**Problem statement**
Using the entries that follow, write out the line containing "Derive g1 s * Derive_n g1", the line containing "Lemma frenet (s", and every line between them, exactly and nothing else.

**Excerpted records**

---*---

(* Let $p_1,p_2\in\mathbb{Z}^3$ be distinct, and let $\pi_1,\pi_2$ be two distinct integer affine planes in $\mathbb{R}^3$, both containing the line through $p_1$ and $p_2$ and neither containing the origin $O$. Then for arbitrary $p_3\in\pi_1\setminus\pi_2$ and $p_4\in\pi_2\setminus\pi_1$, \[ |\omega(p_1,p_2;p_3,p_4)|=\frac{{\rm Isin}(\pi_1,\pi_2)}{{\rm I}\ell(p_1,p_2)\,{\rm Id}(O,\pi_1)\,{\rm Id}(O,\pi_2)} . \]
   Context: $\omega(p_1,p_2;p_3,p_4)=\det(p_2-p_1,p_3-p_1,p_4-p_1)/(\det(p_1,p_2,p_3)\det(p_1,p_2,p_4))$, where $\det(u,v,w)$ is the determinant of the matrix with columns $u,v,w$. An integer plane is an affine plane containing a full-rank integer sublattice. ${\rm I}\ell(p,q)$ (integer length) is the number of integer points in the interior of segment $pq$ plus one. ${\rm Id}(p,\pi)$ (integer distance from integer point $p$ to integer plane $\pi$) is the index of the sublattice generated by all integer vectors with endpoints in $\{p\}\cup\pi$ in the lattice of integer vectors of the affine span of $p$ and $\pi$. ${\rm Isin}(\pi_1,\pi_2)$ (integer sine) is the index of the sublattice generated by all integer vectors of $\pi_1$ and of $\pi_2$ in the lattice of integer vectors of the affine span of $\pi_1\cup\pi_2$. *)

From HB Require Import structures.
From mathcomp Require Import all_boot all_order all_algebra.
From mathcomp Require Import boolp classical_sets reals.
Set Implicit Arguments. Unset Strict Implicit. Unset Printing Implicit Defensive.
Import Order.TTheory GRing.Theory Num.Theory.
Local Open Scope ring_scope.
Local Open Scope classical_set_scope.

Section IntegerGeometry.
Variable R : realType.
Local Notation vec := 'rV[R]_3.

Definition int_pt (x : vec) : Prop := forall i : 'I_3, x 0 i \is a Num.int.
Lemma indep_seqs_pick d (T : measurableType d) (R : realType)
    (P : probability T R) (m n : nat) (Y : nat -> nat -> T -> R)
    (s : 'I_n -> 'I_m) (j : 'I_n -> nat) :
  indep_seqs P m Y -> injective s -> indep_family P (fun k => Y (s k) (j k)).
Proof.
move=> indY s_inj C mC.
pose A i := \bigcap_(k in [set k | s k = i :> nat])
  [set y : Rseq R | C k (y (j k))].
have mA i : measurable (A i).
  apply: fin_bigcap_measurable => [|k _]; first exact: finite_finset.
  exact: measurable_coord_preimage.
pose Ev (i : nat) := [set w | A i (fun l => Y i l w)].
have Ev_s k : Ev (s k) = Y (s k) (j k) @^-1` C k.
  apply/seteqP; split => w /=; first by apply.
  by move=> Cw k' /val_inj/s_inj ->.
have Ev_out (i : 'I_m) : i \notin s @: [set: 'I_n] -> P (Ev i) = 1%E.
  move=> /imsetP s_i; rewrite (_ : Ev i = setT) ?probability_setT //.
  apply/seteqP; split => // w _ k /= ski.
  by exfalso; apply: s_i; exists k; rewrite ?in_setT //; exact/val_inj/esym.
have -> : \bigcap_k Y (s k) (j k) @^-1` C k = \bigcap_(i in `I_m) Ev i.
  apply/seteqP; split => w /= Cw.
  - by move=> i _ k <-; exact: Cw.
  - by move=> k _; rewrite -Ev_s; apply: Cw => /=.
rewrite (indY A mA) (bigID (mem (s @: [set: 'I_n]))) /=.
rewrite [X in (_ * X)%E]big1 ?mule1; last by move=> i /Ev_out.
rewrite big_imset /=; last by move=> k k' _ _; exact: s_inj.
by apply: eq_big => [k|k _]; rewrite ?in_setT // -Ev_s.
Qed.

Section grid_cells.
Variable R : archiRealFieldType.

---*---

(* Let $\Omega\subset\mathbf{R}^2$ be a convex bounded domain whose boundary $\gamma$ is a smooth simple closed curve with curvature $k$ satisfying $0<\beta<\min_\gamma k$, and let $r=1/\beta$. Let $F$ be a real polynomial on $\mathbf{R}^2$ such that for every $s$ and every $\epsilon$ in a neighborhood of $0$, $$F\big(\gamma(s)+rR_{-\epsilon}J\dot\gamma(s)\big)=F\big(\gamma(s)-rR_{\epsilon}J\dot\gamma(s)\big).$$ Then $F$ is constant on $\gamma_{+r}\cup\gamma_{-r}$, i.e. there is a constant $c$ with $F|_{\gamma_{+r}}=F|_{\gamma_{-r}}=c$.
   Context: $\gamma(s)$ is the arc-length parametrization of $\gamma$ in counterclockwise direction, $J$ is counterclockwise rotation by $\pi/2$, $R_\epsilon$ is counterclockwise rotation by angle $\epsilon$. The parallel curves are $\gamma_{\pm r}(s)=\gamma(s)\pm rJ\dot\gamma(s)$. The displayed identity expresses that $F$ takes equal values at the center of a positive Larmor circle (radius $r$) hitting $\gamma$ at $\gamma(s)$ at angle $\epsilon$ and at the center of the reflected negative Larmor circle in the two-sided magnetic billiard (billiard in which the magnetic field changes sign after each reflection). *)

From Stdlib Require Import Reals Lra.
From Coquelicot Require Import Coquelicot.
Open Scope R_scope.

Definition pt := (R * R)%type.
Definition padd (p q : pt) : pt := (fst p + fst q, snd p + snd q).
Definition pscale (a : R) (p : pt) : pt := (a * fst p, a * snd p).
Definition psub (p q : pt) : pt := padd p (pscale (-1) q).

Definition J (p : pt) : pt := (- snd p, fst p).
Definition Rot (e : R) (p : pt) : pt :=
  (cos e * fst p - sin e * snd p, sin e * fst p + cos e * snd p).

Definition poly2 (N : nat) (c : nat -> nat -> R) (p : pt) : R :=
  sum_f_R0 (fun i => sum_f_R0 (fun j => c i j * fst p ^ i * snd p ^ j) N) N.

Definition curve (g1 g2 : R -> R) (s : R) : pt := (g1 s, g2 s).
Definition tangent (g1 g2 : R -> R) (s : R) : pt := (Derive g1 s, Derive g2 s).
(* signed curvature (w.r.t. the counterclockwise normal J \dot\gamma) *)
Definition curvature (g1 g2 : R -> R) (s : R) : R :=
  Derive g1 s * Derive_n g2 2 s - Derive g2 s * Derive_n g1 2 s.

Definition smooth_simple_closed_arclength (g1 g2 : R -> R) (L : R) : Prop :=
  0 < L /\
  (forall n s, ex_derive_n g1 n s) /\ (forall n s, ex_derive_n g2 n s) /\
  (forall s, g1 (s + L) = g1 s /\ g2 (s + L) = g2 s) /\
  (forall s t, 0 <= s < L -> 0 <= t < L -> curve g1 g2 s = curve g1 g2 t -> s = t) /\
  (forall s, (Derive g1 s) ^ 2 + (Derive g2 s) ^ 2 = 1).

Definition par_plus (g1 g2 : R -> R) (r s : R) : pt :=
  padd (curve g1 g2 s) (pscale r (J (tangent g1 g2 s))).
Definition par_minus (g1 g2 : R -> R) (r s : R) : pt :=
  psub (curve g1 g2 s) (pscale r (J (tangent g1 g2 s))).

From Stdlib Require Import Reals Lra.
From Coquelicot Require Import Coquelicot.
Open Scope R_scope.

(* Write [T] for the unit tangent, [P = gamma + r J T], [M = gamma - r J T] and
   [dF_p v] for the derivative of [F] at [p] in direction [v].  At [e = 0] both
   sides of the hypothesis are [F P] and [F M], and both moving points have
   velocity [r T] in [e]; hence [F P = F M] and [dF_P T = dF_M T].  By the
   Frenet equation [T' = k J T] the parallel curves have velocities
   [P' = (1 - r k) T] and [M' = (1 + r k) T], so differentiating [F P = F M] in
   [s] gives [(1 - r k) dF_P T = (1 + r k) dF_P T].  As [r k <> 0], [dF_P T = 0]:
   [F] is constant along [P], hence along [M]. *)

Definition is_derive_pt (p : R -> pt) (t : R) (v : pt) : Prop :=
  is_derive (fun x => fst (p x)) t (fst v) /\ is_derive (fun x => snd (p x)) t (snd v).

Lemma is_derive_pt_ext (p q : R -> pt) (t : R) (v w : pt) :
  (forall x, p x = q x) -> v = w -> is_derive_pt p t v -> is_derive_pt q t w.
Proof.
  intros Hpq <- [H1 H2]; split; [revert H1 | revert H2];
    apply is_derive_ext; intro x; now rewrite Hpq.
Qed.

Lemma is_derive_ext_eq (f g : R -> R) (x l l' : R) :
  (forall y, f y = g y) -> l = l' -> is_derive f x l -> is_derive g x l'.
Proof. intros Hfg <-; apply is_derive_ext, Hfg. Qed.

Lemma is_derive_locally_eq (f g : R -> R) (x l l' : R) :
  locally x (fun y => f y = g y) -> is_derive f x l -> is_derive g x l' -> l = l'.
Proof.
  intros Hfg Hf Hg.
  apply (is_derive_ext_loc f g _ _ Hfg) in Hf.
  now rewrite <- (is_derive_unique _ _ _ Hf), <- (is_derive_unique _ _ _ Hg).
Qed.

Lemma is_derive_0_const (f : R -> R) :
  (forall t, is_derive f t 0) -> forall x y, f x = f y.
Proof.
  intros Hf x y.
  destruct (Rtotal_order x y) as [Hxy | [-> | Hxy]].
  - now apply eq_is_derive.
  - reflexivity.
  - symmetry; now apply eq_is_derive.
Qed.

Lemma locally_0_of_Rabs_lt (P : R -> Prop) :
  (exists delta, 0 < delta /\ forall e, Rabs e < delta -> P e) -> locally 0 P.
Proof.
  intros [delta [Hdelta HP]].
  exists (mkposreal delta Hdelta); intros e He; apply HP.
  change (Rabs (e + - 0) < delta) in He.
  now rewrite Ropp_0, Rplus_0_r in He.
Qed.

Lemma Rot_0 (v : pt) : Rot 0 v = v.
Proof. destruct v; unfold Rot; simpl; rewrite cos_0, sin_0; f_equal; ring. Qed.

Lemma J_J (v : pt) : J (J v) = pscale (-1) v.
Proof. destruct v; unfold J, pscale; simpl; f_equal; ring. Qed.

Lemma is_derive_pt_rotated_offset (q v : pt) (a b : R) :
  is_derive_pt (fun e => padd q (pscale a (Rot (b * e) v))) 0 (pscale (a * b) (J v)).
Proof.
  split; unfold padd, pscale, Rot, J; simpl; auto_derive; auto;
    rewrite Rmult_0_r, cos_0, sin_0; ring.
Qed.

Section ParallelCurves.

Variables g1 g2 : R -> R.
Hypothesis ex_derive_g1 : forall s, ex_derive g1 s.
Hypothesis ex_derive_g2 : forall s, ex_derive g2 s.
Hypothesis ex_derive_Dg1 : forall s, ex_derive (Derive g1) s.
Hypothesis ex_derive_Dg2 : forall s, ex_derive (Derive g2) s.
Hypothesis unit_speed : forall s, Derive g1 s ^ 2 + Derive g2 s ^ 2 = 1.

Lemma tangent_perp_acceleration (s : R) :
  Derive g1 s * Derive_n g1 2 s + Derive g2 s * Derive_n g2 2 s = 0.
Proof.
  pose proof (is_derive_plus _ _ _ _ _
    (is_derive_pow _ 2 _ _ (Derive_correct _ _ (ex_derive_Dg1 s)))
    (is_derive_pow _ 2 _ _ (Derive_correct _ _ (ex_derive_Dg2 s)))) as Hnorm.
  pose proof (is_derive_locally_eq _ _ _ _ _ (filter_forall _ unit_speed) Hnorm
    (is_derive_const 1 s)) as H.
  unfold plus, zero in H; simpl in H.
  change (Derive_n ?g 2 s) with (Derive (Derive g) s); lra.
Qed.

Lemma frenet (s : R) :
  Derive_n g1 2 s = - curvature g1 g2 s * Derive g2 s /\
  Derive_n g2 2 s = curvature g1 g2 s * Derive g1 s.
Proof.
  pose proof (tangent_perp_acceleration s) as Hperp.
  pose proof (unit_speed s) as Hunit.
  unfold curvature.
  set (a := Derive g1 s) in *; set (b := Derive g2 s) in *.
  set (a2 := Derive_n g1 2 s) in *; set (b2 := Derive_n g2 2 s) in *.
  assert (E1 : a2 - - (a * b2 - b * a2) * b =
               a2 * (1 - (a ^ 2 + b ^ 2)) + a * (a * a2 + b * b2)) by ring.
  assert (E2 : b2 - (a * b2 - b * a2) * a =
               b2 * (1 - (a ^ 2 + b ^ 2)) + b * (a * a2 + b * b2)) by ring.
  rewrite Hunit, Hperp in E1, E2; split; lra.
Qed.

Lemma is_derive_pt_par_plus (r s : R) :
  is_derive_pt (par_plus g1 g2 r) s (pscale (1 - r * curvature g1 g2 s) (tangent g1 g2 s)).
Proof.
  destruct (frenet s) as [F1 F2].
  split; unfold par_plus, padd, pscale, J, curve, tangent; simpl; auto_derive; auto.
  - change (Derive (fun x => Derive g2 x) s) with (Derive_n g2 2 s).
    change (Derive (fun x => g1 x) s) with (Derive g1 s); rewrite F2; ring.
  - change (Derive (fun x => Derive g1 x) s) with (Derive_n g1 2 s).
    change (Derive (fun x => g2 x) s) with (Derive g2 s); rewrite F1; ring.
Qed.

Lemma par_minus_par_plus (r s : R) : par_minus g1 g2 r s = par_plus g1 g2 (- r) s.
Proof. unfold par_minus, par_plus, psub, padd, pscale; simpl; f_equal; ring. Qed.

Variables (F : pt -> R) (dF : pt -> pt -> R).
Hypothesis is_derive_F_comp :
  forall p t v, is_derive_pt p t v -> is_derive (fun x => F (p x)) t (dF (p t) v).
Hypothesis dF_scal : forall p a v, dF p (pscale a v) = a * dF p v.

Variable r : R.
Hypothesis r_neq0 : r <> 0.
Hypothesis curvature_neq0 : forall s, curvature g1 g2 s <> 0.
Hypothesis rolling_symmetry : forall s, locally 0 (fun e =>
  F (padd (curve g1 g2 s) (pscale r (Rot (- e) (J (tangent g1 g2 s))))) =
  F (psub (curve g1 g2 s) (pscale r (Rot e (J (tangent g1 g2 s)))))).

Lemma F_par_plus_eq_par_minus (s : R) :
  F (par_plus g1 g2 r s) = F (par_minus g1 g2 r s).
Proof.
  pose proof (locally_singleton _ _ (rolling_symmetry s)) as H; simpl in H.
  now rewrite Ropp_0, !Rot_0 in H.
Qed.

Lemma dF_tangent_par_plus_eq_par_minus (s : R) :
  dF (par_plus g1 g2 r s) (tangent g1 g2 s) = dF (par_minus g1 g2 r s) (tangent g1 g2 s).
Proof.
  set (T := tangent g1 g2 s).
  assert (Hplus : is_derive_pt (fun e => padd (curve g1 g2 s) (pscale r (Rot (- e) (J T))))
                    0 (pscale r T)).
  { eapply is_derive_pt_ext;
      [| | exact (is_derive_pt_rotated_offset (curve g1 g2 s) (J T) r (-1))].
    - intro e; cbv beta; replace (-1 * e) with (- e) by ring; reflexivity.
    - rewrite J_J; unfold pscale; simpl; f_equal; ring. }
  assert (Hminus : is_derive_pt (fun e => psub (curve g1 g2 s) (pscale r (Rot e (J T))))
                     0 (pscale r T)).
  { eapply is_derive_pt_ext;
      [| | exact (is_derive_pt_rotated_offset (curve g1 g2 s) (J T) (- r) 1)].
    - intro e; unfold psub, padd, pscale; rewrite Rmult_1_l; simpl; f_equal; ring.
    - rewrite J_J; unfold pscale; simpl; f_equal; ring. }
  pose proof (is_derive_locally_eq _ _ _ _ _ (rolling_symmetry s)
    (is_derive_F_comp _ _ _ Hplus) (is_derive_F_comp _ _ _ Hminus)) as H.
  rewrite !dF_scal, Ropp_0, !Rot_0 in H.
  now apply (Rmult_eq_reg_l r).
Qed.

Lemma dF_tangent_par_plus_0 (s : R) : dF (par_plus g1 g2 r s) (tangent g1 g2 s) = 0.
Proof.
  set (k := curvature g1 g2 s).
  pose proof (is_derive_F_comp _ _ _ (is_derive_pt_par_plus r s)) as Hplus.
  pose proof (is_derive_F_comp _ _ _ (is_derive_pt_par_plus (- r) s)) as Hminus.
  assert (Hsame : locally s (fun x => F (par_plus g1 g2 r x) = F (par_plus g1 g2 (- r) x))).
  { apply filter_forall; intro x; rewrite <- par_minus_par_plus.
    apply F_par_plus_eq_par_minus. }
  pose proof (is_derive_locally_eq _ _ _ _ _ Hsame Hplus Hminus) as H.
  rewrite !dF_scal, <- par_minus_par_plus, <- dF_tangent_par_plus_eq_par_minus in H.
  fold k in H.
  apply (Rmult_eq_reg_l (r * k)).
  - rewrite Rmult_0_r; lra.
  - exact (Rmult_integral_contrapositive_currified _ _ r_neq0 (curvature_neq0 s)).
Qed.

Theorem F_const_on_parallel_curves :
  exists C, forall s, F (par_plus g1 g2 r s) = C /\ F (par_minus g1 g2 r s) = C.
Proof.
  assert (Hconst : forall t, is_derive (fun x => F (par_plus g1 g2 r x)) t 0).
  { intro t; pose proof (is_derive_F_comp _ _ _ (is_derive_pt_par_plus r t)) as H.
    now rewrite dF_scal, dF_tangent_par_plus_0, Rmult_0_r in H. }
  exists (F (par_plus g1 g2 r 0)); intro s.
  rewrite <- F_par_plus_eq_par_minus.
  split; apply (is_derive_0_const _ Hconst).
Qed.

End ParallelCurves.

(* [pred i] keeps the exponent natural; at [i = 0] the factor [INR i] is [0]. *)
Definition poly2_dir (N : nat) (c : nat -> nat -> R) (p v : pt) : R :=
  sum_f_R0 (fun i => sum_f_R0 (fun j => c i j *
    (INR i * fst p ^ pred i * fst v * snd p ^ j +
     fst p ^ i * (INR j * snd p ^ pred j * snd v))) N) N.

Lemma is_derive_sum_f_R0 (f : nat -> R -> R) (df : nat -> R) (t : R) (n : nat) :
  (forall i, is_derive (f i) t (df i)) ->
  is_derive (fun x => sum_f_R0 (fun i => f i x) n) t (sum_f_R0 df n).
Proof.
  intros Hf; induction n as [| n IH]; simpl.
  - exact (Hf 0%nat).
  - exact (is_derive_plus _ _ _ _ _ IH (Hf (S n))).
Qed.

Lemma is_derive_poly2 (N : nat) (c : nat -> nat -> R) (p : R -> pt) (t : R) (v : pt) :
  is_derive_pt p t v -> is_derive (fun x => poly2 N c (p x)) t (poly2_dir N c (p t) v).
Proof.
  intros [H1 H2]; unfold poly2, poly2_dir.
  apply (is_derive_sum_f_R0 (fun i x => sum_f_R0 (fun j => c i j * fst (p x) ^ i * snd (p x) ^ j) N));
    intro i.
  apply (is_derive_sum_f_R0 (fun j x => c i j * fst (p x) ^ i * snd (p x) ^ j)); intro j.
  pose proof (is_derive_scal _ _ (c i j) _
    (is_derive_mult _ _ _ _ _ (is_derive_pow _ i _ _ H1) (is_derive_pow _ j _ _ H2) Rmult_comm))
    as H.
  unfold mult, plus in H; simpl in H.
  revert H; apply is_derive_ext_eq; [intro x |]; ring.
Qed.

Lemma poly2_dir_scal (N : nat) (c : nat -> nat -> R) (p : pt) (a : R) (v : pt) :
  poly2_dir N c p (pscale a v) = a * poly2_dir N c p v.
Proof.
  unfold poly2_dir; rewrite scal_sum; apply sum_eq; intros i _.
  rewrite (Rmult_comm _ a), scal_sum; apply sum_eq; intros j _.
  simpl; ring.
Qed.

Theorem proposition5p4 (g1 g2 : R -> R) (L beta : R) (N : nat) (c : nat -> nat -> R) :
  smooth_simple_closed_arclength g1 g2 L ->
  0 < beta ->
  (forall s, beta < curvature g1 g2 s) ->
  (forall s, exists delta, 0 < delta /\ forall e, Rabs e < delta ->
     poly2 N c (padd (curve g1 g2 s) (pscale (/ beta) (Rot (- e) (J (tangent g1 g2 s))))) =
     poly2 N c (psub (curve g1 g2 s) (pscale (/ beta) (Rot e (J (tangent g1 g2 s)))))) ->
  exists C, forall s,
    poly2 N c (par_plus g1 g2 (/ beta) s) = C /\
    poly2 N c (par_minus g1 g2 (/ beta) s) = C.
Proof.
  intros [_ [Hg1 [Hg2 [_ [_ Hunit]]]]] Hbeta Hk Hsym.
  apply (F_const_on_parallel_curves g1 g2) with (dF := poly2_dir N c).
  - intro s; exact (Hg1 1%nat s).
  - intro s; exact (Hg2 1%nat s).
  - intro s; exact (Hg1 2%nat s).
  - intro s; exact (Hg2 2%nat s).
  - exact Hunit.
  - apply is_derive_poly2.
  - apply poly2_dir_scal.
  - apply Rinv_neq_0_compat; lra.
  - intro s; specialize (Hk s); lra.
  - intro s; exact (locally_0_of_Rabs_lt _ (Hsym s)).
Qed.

---*---

**Written answer**
  Derive g1 s * Derive_n g1 2 s + Derive g2 s * Derive_n g2 2 s = 0.
Proof.
  pose proof (is_derive_plus _ _ _ _ _
    (is_derive_pow _ 2 _ _ (Derive_correct _ _ (ex_derive_Dg1 s)))
    (is_derive_pow _ 2 _ _ (Derive_correct _ _ (ex_derive_Dg2 s)))) as Hnorm.
  pose proof (is_derive_locally_eq _ _ _ _ _ (filter_forall _ unit_speed) Hnorm
    (is_derive_const 1 s)) as H.
  unfold plus, zero in H; simpl in H.
  change (Derive_n ?g 2 s) with (Derive (Derive g) s); lra.
Qed.

Lemma frenet (s : R) :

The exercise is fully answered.